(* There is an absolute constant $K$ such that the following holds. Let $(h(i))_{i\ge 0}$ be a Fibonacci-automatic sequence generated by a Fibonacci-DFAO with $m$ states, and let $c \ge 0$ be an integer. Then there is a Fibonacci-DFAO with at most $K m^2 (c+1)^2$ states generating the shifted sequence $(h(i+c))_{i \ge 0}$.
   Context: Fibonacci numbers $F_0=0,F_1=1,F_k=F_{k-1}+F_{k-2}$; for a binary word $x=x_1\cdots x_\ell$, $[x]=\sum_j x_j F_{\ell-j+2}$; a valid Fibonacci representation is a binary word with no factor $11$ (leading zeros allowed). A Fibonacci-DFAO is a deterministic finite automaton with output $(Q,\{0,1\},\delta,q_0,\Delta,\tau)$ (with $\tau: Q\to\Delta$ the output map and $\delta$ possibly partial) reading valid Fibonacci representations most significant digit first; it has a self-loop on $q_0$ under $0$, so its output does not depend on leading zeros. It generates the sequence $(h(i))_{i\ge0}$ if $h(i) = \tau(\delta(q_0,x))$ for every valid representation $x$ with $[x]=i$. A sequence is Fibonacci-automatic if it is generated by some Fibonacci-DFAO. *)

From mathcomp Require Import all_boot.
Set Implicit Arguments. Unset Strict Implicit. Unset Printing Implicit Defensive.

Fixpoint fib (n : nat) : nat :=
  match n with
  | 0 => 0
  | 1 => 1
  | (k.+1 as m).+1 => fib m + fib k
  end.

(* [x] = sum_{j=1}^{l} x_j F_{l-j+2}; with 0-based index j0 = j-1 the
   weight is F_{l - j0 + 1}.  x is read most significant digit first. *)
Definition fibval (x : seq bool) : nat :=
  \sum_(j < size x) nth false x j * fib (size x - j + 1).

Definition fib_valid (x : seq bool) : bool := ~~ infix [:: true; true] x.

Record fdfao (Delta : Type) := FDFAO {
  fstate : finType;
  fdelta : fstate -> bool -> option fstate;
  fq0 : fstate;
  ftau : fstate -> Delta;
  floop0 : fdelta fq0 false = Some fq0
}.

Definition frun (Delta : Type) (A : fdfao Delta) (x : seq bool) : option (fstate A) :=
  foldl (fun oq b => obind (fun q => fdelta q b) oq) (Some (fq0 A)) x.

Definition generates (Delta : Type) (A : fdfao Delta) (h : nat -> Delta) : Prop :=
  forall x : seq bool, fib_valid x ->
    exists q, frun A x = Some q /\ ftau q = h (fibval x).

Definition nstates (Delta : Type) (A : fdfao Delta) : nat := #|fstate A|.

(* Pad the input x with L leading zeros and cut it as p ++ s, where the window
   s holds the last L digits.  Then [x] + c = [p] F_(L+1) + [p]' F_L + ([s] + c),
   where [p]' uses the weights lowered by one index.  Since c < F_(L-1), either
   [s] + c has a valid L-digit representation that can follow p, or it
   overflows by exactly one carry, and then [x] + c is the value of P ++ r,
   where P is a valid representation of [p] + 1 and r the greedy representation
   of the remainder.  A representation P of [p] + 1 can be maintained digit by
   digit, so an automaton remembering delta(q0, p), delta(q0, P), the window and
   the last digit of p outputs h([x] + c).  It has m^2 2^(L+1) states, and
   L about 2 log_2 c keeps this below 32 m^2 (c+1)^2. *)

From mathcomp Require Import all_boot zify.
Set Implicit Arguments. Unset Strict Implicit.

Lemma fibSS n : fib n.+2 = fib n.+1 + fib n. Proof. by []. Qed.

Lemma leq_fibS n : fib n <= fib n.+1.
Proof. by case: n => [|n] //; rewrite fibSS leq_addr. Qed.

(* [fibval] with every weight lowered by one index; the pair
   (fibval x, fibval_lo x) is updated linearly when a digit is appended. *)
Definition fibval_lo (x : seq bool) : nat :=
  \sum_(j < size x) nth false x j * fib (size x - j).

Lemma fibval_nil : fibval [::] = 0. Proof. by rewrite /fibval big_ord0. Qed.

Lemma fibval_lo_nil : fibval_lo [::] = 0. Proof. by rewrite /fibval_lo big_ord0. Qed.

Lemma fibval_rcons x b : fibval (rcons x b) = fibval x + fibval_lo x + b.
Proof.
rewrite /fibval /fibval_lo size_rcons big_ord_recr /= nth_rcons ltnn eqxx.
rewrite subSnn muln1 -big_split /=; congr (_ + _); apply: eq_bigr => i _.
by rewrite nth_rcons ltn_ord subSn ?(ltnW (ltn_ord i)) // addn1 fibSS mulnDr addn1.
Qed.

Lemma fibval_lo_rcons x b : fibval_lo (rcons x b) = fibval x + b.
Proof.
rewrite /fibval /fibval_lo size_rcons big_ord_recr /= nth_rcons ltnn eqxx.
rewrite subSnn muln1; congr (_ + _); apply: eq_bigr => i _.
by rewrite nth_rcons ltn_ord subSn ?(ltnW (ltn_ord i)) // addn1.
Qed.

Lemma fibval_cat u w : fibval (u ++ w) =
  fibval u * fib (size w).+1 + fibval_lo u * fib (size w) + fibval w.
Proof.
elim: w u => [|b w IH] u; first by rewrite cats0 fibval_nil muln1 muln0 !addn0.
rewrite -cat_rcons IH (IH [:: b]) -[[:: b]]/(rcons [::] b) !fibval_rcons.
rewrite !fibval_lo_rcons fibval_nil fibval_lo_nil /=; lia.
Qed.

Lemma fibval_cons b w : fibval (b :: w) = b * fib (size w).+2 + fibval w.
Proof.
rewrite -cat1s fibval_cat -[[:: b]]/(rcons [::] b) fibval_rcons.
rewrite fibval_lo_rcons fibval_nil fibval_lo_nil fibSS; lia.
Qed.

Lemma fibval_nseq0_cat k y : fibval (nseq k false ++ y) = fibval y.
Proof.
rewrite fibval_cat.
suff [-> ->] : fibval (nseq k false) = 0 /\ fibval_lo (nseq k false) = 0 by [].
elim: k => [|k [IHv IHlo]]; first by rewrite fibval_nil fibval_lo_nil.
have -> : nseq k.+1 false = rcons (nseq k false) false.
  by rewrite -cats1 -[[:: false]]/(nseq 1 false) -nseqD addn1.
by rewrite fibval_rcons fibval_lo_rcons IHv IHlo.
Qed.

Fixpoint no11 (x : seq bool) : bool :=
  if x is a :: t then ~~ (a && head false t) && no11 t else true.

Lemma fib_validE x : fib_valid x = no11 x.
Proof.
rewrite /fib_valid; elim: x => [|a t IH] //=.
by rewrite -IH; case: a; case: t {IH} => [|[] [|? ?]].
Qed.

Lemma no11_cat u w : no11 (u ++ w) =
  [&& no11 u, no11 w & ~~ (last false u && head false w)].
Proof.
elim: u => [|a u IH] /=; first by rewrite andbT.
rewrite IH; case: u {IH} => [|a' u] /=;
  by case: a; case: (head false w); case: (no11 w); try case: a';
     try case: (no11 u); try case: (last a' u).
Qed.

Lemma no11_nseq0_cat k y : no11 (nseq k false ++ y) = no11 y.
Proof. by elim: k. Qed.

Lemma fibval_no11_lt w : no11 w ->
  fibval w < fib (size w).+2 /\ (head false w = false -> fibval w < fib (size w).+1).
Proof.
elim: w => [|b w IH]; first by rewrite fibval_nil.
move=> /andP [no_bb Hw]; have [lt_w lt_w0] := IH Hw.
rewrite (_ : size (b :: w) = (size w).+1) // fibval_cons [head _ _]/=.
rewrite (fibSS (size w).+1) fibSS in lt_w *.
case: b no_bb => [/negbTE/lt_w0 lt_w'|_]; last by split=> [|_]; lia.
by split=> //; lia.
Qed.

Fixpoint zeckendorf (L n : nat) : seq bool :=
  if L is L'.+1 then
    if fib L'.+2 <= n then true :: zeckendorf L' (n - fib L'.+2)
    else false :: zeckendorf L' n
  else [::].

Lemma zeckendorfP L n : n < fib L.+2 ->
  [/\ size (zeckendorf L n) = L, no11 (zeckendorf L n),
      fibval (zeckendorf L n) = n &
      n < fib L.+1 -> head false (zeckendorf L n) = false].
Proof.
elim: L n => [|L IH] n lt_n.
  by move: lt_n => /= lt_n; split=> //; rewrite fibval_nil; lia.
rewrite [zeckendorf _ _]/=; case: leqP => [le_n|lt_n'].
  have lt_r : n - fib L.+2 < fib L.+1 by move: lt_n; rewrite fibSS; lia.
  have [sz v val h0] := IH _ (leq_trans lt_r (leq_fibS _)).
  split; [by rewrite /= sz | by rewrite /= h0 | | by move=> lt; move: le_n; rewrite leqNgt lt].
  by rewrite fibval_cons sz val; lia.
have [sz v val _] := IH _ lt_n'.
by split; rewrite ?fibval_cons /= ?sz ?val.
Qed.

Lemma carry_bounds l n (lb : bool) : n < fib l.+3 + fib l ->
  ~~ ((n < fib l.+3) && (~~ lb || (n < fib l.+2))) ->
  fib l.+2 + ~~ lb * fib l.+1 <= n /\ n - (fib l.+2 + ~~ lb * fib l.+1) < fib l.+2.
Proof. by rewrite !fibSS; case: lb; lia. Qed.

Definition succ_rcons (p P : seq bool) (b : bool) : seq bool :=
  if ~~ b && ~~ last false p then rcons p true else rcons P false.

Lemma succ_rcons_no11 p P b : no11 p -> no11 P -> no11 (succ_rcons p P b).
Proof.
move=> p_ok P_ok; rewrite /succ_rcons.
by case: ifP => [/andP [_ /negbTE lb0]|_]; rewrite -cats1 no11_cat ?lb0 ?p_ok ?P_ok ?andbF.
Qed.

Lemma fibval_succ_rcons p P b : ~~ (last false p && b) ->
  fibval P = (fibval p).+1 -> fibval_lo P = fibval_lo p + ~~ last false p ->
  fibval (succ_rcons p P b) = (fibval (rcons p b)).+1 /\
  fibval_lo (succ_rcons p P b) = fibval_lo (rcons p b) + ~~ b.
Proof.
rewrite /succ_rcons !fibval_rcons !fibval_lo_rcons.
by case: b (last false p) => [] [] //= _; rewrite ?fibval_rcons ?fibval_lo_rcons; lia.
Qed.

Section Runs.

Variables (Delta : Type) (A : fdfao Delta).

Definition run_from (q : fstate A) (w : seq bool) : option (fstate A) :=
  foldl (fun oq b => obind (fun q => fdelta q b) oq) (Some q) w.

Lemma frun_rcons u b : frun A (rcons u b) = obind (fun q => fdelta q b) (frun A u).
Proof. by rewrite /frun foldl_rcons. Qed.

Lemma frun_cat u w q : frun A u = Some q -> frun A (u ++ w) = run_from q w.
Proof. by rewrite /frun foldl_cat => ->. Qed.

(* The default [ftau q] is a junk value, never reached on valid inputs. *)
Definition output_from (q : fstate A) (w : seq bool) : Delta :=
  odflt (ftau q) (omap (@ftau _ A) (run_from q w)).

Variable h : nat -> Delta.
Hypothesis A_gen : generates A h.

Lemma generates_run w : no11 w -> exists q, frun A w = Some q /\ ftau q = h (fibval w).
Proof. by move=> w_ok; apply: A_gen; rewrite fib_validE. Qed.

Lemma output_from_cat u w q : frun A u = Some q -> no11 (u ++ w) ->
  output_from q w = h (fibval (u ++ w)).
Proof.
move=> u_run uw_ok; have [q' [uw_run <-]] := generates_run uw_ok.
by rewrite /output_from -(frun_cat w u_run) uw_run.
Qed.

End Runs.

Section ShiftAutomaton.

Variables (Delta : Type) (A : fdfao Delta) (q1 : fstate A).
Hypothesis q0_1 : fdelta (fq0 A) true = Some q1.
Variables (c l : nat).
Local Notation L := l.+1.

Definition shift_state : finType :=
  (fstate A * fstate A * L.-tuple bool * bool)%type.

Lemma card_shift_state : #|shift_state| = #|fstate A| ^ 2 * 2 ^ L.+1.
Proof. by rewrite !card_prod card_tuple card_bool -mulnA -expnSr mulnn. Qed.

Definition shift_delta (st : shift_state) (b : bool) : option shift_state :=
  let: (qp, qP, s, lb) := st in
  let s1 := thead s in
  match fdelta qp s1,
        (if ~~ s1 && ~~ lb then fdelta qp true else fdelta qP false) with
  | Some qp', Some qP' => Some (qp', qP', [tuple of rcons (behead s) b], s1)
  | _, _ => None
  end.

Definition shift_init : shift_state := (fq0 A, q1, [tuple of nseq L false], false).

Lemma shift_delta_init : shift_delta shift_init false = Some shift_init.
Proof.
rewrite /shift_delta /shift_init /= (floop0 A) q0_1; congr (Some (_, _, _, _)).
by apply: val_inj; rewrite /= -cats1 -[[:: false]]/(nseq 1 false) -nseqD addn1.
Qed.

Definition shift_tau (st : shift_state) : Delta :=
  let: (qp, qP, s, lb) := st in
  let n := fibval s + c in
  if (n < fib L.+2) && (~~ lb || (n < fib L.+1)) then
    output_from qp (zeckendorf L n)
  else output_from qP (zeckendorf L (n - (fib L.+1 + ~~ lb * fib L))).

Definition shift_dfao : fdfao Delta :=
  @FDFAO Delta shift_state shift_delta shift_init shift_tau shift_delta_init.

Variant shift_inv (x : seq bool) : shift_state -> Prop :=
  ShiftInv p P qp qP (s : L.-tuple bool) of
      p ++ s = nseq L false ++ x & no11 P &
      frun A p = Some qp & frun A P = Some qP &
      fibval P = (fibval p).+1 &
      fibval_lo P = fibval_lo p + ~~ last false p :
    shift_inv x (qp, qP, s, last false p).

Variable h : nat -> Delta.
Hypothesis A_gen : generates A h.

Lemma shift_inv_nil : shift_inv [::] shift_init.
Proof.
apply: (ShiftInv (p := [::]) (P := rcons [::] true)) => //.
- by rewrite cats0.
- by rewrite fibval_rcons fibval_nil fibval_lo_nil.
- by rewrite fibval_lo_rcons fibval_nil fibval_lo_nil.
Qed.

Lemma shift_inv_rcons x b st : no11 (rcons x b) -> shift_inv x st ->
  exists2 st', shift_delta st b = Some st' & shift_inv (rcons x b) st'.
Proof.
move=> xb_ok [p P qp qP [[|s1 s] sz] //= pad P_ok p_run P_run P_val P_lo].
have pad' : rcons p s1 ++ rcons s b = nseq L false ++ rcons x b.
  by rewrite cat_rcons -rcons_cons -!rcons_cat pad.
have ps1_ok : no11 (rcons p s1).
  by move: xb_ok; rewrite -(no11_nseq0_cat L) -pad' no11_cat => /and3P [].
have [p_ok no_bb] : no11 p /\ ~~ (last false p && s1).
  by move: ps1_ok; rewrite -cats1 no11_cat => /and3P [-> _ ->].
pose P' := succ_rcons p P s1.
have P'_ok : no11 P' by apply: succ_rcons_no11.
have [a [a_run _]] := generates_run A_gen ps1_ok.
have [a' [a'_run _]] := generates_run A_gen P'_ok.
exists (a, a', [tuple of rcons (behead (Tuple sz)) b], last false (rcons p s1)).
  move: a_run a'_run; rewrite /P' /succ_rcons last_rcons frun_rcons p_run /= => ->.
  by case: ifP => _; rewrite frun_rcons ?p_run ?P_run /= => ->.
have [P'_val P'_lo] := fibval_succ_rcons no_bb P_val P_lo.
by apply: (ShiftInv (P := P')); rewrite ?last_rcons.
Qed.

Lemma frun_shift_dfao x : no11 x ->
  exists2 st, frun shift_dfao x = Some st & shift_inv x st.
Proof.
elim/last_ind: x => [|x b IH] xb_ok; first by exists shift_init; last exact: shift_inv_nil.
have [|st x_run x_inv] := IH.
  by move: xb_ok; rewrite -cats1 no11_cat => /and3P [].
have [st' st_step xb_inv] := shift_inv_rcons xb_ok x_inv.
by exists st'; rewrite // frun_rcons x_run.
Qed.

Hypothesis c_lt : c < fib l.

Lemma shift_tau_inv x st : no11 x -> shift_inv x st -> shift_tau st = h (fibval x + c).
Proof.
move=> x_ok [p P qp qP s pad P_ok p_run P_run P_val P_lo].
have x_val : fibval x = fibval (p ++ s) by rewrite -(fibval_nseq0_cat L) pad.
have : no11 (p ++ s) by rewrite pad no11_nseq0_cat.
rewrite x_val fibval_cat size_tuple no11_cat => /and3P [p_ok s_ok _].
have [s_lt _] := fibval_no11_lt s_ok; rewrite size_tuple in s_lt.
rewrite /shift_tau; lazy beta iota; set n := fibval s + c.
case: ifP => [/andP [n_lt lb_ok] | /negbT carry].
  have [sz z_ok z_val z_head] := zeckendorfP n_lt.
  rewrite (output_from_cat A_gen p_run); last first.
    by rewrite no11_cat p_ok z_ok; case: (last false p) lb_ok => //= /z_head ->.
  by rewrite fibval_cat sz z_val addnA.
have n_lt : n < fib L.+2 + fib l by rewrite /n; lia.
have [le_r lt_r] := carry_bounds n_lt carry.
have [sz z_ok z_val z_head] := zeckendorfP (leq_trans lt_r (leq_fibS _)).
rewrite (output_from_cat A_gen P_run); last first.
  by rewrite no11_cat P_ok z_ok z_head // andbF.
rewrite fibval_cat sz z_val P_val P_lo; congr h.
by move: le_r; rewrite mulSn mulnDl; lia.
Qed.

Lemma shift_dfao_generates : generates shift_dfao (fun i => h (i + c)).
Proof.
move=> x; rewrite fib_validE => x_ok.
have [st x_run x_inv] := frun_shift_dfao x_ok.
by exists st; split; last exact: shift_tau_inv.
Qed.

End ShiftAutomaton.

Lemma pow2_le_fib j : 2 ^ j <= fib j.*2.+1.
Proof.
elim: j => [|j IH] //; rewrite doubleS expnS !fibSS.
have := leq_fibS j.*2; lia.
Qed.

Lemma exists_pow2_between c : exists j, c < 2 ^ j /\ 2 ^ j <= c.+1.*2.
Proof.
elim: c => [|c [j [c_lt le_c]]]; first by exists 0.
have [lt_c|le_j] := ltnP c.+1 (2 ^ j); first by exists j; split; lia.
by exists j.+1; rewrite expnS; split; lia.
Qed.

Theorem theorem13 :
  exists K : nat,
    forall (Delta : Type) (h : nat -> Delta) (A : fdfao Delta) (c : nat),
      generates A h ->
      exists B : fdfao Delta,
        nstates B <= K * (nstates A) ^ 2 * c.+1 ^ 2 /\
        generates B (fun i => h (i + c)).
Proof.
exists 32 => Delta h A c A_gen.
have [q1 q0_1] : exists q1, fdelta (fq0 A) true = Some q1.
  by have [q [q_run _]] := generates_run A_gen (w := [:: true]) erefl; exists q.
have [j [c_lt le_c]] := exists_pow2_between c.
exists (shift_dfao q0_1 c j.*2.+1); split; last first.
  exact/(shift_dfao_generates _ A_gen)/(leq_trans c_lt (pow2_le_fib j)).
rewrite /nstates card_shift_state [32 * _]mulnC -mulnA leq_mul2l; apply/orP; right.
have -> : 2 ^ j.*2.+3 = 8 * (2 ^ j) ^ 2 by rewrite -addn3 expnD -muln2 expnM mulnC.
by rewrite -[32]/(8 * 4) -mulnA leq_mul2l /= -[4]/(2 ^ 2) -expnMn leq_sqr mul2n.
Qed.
*-*-*
» **PROBLEM STATEMENT**: Look above for the line that contains "by split=> //; lia.". Starting there, transcribe every line exactly until you have copied the line that contains "Lemma zeckendorfP L n : n < fib L.+2 ->".

» **ANSWER BOX**:
by split=> //; lia.
Qed.

Fixpoint zeckendorf (L n : nat) : seq bool :=
  if L is L'.+1 then
    if fib L'.+2 <= n then true :: zeckendorf L' (n - fib L'.+2)
    else false :: zeckendorf L' n
  else [::].

Lemma zeckendorfP L n : n < fib L.+2 ->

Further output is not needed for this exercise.